The six studies incorporated in this research suggest that the combination of MC and immunotherapy is well-tolerated, with the majority of adverse reactions classified as grade I or II. In comparison to conventional maximum-tolerated-dose chemotherapy, MC is associated with relatively milder side effects and is more easily tolerated by patients. Furthermore, immune checkpoint inhibitors exhibit favorable tolerability, allowing even patients with slightly compromised physical conditions to adapt effectively to this treatment approach, thereby broadening the range of patients who can be treated. The advantageous safety profile suggests that patients may experience fewer adverse reactions during treatment, enabling them to better maintain their daily activities and work, thus significantly enhancing their quality of life. Ultimately, as research in this area continues to advance and optimize treatment protocols and manage adverse reactions, it is expected to improve therapeutic efficacy, reduce treatment-related risks, and extend the benefits of this combined therapeutic strategy to a larger patient population (52).

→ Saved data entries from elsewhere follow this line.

(* For $\lambda\in\mathbb R$ let $q_\lambda(x,y)=6x^5y+20\lambda x^3y^3+6xy^5$. Then: (1) if $\lambda=1$, $\mathcal S(q_\lambda)=\{(1,1)\}$; (2) if $\lambda>0$ and $\lambda\ne1$, $\mathcal S(q_\lambda)=\{(2,2)\}$; (3) if $-\tfrac35<\lambda\le0$, $\mathcal S(q_\lambda)=\{(2,3),(3,2)\}$; (4) if $\lambda\le-\tfrac35$, $\mathcal S(q_\lambda)=\{(3,3)\}$.
   Context: A representation of a real binary sextic $p$ is an expression $p=\sum_{j=1}^r\lambda_j(\alpha_jx+\beta_jy)^{6}$ with $r\ge0$, $\alpha_j,\beta_j\in\mathbb R$, $0\ne\lambda_j\in\mathbb R$; it is honest if the linear forms $\alpha_jx+\beta_jy$ are pairwise non-proportional. Its badge is $(a,b)$ where $a=\#\{j:\lambda_j>0\}$, $b=\#\{j:\lambda_j<0\}$; $\mathcal B(p)$ is the set of badges of honest representations. With $(a,b)\preceq(c,d)$ iff $a\le c,b\le d$, a signature is a minimal element of $\mathcal B(p)$, and $\mathcal S(p)$ is the set of signatures. *)

From Stdlib Require Import Reals Lra Lia List.
Import ListNotations.
Open Scope R_scope.

(* A term lambda * (alpha x + beta y)^6 is encoded as the triple (lambda, alpha, beta). *)
Definition term : Type := (R * R * R)%type.
Definition tlam (t : term) : R := fst (fst t).
Definition talpha (t : term) : R := snd (fst t).
Definition tbeta (t : term) : R := snd t.

(* A real binary form of degree 6, seen as its polynomial function R^2 -> R. *)
Definition binform : Type := R -> R -> R.

Definition rep_eval (l : list term) (x y : R) : R :=
  fold_right (fun t acc => tlam t * (talpha t * x + tbeta t * y) ^ 6 + acc) 0 l.

Definition is_representation (p : binform) (l : list term) : Prop :=
  Forall (fun t => tlam t <> 0) l /\ forall x y : R, p x y = rep_eval l x y.

Definition nonproportional (s t : term) : Prop :=
  talpha s * tbeta t - talpha t * tbeta s <> 0.

Definition honest (l : list term) : Prop := ForallOrdPairs nonproportional l.

Definition badge (l : list term) : nat * nat :=
  (length (filter (fun t => if Rlt_dec 0 (tlam t) then true else false) l),
   length (filter (fun t => if Rlt_dec (tlam t) 0 then true else false) l)).

Definition in_badges (p : binform) (ab : nat * nat) : Prop :=
  exists l : list term, is_representation p l /\ honest l /\ badge l = ab.

Definition badge_le (ab cd : nat * nat) : Prop :=
  (fst ab <= fst cd)%nat /\ (snd ab <= snd cd)%nat.

Definition is_signature (p : binform) (ab : nat * nat) : Prop :=
  in_badges p ab /\ forall cd, in_badges p cd -> badge_le cd ab -> cd = ab.

Definition q (lam : R) : binform :=
  fun x y => 6 * x ^ 5 * y + 20 * lam * x ^ 3 * y ^ 3 + 6 * x * y ^ 5.

From Stdlib Require Import Reals Lra Lia List Psatz.
Import ListNotations.
Open Scope R_scope.

(* Lower bounds come from apolarity.  For a representation sum_j lambda_j l_j^6 of q_lam
   and any sextic c, sum_j lambda_j c(l_j) = c1 + lam c3 + c5 (moment identity); taking
   c = e^2 for a cubic e gives sum_j lambda_j e(l_j)^2 = hankel lam e.  So a cubic with
   positive Hankel value cannot vanish on all positively weighted forms, and exhibiting such
   cubics through one point (lam in (-1,1) or lam > 1) or through two points (lam <= -3/5,
   via a discriminant inequality) bounds the number of positive terms.  The sign flip
   y |-> -y swaps the badge, bounding negative terms as well.  For -1 < lam <= 0 the
   moment identity applied to multiples of the quartic through four points rules out
   badge (2, 2).  Upper bounds are explicit honest representations: sums of
   "pairs" c ((u x + y)^6 - (u x - y)^6) for the diagonal badges, and a one-parameter
   five-term family (plus lam = 0) for badge (2, 3).  The theorem then follows from
   elementary facts on minimal elements of the badge order. *)

Definition lsum (f : term -> R) (l : list term) : R :=
  fold_right (fun t acc => f t + acc) 0 l.

Lemma lsum_ext (f g : term -> R) (l : list term) :
  (forall t, In t l -> f t = g t) -> lsum f l = lsum g l.
Proof.
  induction l as [|a l IH]; intros Hfg; simpl; [reflexivity|].
  rewrite (Hfg a (or_introl eq_refl)), IH; [reflexivity|].
  intros t Ht; apply Hfg; right; exact Ht.
Qed.

Lemma lsum_cons (f : term -> R) t l : lsum f (t :: l) = f t + lsum f l.
Proof. reflexivity. Qed.

Definition sext (c0 c1 c2 c3 c4 c5 c6 a b : R) : R :=
  c0*a^6 + c1*a^5*b + c2*a^4*b^2 + c3*a^3*b^3 + c4*a^2*b^4 + c5*a*b^5 + c6*b^6.

(* [coef i f] recovers the normalised coefficient f_i of a sextic form
   f = sum_i C(6,i) f_i x^(6-i) y^i from seven values f(1,t), t = -3..3
   (central finite-difference stencils); binary forms are only given as functions. *)
Definition coef (i : nat) (f : binform) : R :=
  match i with
  | 0 => f 1 0
  | 1 => (f 1 3 - 9 * f 1 2 + 45 * f 1 1 - 45 * f 1 (-1) + 9 * f 1 (-2) - f 1 (-3)) / 360
  | 2 => (2 * f 1 3 - 27 * f 1 2 + 270 * f 1 1 - 490 * f 1 0 + 270 * f 1 (-1)
          - 27 * f 1 (-2) + 2 * f 1 (-3)) / 5400
  | 3 => (- f 1 3 + 8 * f 1 2 - 13 * f 1 1 + 13 * f 1 (-1) - 8 * f 1 (-2) + f 1 (-3)) / 960
  | 4 => (- f 1 3 + 12 * f 1 2 - 39 * f 1 1 + 56 * f 1 0 - 39 * f 1 (-1)
          + 12 * f 1 (-2) - f 1 (-3)) / 2160
  | 5 => (f 1 3 - 4 * f 1 2 + 5 * f 1 1 - 5 * f 1 (-1) + 4 * f 1 (-2) - f 1 (-3)) / 1440
  | _ => (f 1 3 - 6 * f 1 2 + 15 * f 1 1 - 20 * f 1 0 + 15 * f 1 (-1)
          - 6 * f 1 (-2) + f 1 (-3)) / 720
  end.

Definition pairing (c0 c1 c2 c3 c4 c5 c6 : R) (f : binform) : R :=
  c0 * coef 0 f + c1 * coef 1 f + c2 * coef 2 f + c3 * coef 3 f
  + c4 * coef 4 f + c5 * coef 5 f + c6 * coef 6 f.

Lemma pairing_pow6 c0 c1 c2 c3 c4 c5 c6 a b :
  pairing c0 c1 c2 c3 c4 c5 c6 (fun x y => (a * x + b * y) ^ 6) = sext c0 c1 c2 c3 c4 c5 c6 a b.
Proof. unfold pairing, coef, sext; field. Qed.

(* The normalised coefficients of q_lam are (0, 1, 0, lam, 0, 1, 0). *)
Lemma pairing_q c0 c1 c2 c3 c4 c5 c6 lam :
  pairing c0 c1 c2 c3 c4 c5 c6 (q lam) = c1 + lam * c3 + c5.
Proof. unfold pairing, coef, q; field. Qed.

Lemma pairing_ext c0 c1 c2 c3 c4 c5 c6 (f g : binform) :
  (forall x y, f x y = g x y) -> pairing c0 c1 c2 c3 c4 c5 c6 f = pairing c0 c1 c2 c3 c4 c5 c6 g.
Proof. intros Hfg; unfold pairing, coef; rewrite !Hfg; reflexivity. Qed.

Lemma pairing_rep_eval c0 c1 c2 c3 c4 c5 c6 l :
  pairing c0 c1 c2 c3 c4 c5 c6 (rep_eval l)
  = lsum (fun t => tlam t * sext c0 c1 c2 c3 c4 c5 c6 (talpha t) (tbeta t)) l.
Proof.
  induction l as [|t l IH]; [unfold pairing, coef; simpl; field|].
  simpl lsum; rewrite <- IH, <- pairing_pow6.
  unfold pairing, coef; simpl rep_eval; field.
Qed.

Lemma moment_identity lam l c0 c1 c2 c3 c4 c5 c6 :
  is_representation (q lam) l ->
  lsum (fun t => tlam t * sext c0 c1 c2 c3 c4 c5 c6 (talpha t) (tbeta t)) l
  = c1 + lam * c3 + c5.
Proof.
  intros [_ Hrep].
  rewrite <- pairing_rep_eval, <- (pairing_ext _ _ _ _ _ _ _ _ _ Hrep).
  apply pairing_q.
Qed.

Lemma moment_vanishing lam l c0 c1 c2 c3 c4 c5 c6 :
  is_representation (q lam) l ->
  (forall t, In t l -> sext c0 c1 c2 c3 c4 c5 c6 (talpha t) (tbeta t) = 0) ->
  c1 + lam * c3 + c5 = 0.
Proof.
  intros Hrep Hzero; rewrite <- (moment_identity lam l c0 c1 c2 c3 c4 c5 c6 Hrep).
  clear Hrep; induction l as [|t l IH]; [reflexivity|].
  rewrite lsum_cons, Hzero, IH; [ring| |left; reflexivity].
  intros s Hs; apply Hzero; right; exact Hs.
Qed.

Definition cubic (e0 e1 e2 e3 a b : R) : R := e0*a^3 + e1*a^2*b + e2*a*b^2 + e3*b^3.

(* The Hankel (catalecticant) quadratic form of q_lam on cubics: the moment of e^2. *)
Definition hankel (lam e0 e1 e2 e3 : R) : R := 2 * (e0*e1 + e2*e3 + lam * (e0*e3 + e1*e2)).

Lemma hankel_moment lam l e0 e1 e2 e3 :
  is_representation (q lam) l ->
  lsum (fun t => tlam t * (cubic e0 e1 e2 e3 (talpha t) (tbeta t)) ^ 2) l
  = hankel lam e0 e1 e2 e3.
Proof.
  intros Hrep.
  rewrite (lsum_ext _ (fun t => tlam t * sext (e0*e0) (2*e0*e1) (e1*e1 + 2*e0*e2)
      (2*e0*e3 + 2*e1*e2) (e2*e2 + 2*e1*e3) (2*e2*e3) (e3*e3) (talpha t) (tbeta t))).
  - rewrite (moment_identity lam l _ _ _ _ _ _ _ Hrep); unfold hankel; ring.
  - intros t _; unfold cubic, sext; ring.
Qed.

Definition is_pos (t : term) : bool := if Rlt_dec 0 (tlam t) then true else false.
Definition is_neg (t : term) : bool := if Rlt_dec (tlam t) 0 then true else false.
Definition npos (l : list term) : nat := length (filter is_pos l).
Definition nneg (l : list term) : nat := length (filter is_neg l).

Lemma badge_npos_nneg l : badge l = (npos l, nneg l).
Proof. reflexivity. Qed.

Lemma lsum_weighted_squares_nonpos (h : term -> R) l :
  (forall t, In t (filter is_pos l) -> h t = 0) -> lsum (fun t => tlam t * h t ^ 2) l <= 0.
Proof.
  induction l as [|t l IH]; intros Hzero; [simpl; lra|].
  rewrite lsum_cons.
  assert (Hrest : lsum (fun t => tlam t * h t ^ 2) l <= 0).
  { apply IH; intros s Hs; apply Hzero; simpl; destruct (is_pos t); [right|]; exact Hs. }
  destruct (Rlt_dec 0 (tlam t)) as [Hpos|Hnpos].
  - assert (Ht : h t = 0).
    { apply Hzero; simpl; unfold is_pos at 1.
      destruct (Rlt_dec 0 (tlam t)); [left; reflexivity|contradiction]. }
    rewrite Ht; nra.
  - pose proof (pow2_ge_0 (h t)); nra.
Qed.

Lemma positive_terms_not_annihilated lam l e0 e1 e2 e3 :
  is_representation (q lam) l -> 0 < hankel lam e0 e1 e2 e3 ->
  ~ (forall t, In t (filter is_pos l) -> cubic e0 e1 e2 e3 (talpha t) (tbeta t) = 0).
Proof.
  intros Hrep Hpos Hzero.
  pose proof (hankel_moment lam l e0 e1 e2 e3 Hrep).
  pose proof (lsum_weighted_squares_nonpos _ l Hzero).
  lra.
Qed.

Lemma sq_pos x : x <> 0 -> 0 < x ^ 2.
Proof. intros Hx; pose proof (Rsqr_pos_lt x Hx); unfold Rsqr in *; lra. Qed.

Definition bqf (A B C u v : R) : R := A*u^2 + 2*B*u*v + C*v^2.

Lemma definite_bqf_pos A B C u v :
  0 < A -> B^2 < A*C -> u <> 0 \/ v <> 0 -> 0 < bqf A B C u v.
Proof.
  intros HA Hdisc Huv.
  assert (E : A * bqf A B C u v = (A*u + B*v)^2 + (A*C - B^2) * v^2) by (unfold bqf; ring).
  destruct (Req_dec v 0) as [Hv|Hv].
  - replace (bqf A B C u v) with (A * u^2) by (unfold bqf; rewrite Hv; ring).
    destruct Huv as [Hu|]; [|contradiction].
    pose proof (sq_pos u Hu); nra.
  - pose proof (sq_pos v Hv); pose proof (pow2_ge_0 (A*u + B*v)).
    assert (0 < A * bqf A B C u v) by nra.
    nra.
Qed.

Lemma definite_bqf_kernel A B C c1 c2 :
  0 < A -> B^2 < A*C -> exists u v, c1*u + c2*v = 0 /\ 0 < bqf A B C u v.
Proof.
  intros HA Hdisc.
  destruct (Req_dec c1 0) as [Hc1|Hc1].
  - exists 1, 0; split; [rewrite Hc1; ring|]. apply definite_bqf_pos; [lra|lra|left; lra].
  - exists c2, (- c1); split; [ring|]. apply definite_bqf_pos; [lra|lra|right; lra].
Qed.

Lemma indefinite_bqf_positive A B C : A*C < B^2 -> exists u v, 0 < bqf A B C u v.
Proof.
  intros Hdisc.
  destruct (Rlt_dec 0 A) as [HA|HA]; [exists 1, 0; unfold bqf; lra|].
  destruct (Req_dec A 0) as [HA0|HA0].
  - exists (1 - C), (2*B); unfold bqf; rewrite HA0 in *; nra.
  - exists (- B), A.
    replace (bqf A B C (- B) A) with (A * (A*C - B^2)) by (unfold bqf; ring).
    nra.
Qed.

(* For lam in (-1, 1) or lam > 1, every point is a zero of some cubic e with
   hankel lam e > 0: the Hankel form is definite on the plane of cubics (u,u,v,v)
   (resp. (u,v,v,u)), and that plane meets the hyperplane of cubics vanishing there. *)
Lemma one_point_annihilator lam a b :
  -1 < lam < 1 \/ 1 < lam ->
  exists e0 e1 e2 e3, cubic e0 e1 e2 e3 a b = 0 /\ 0 < hankel lam e0 e1 e2 e3.
Proof.
  intros [Hlam|Hlam].
  - destruct (definite_bqf_kernel 2 (2*lam) 2 (a^3 + a^2*b) (a*b^2 + b^3))
      as (u & v & Hker & Hpos); [lra|nra|].
    exists u, u, v, v; split.
    + unfold cubic; lra.
    + replace (hankel lam u u v v) with (bqf 2 (2*lam) 2 u v) by (unfold hankel, bqf; ring).
      exact Hpos.
  - destruct (definite_bqf_kernel (2*lam) 2 (2*lam) (a^3 + b^3) (a^2*b + a*b^2))
      as (u & v & Hker & Hpos); [lra|nra|].
    exists u, v, v, u; split.
    + unfold cubic; lra.
    + replace (hankel lam u v v u) with (bqf (2*lam) 2 (2*lam) u v) by (unfold hankel, bqf; ring).
      exact Hpos.
Qed.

While the combination of ICIs and MC is generally well-tolerated, severe AEs are a concern, with grade ≥3 AEs occurring in 3.3% to 32.5% of cases across six studies. Regimens with bevacizumab or cisplatin had over 25% grade ≥3 AEs rates, while those with vinorelbine and an ICI had rates of 3.3–8.5%. Severe AEs mainly affected the hematologic system (leukopenia 7.55%, anemia 5.66%), cardiovascular system (hypertension 15.0%), and included immune-related pneumonia (1.89–5%). All severe AEs were manageable, with only one treatment discontinuation due to pneumonia and no treatment-related deaths. The safety profile was notably better than traditional high-dose chemotherapy, highlighting the need for stratified management based on regimen characteristics in clinical practice. Patients with cardiovascular diseases should cautiously use bevacizumab regimens. Regular monitoring of blood counts, blood pressure, and other indicators is crucial to promptly address severe side effects and optimize the treatment’s risk-benefit ratio.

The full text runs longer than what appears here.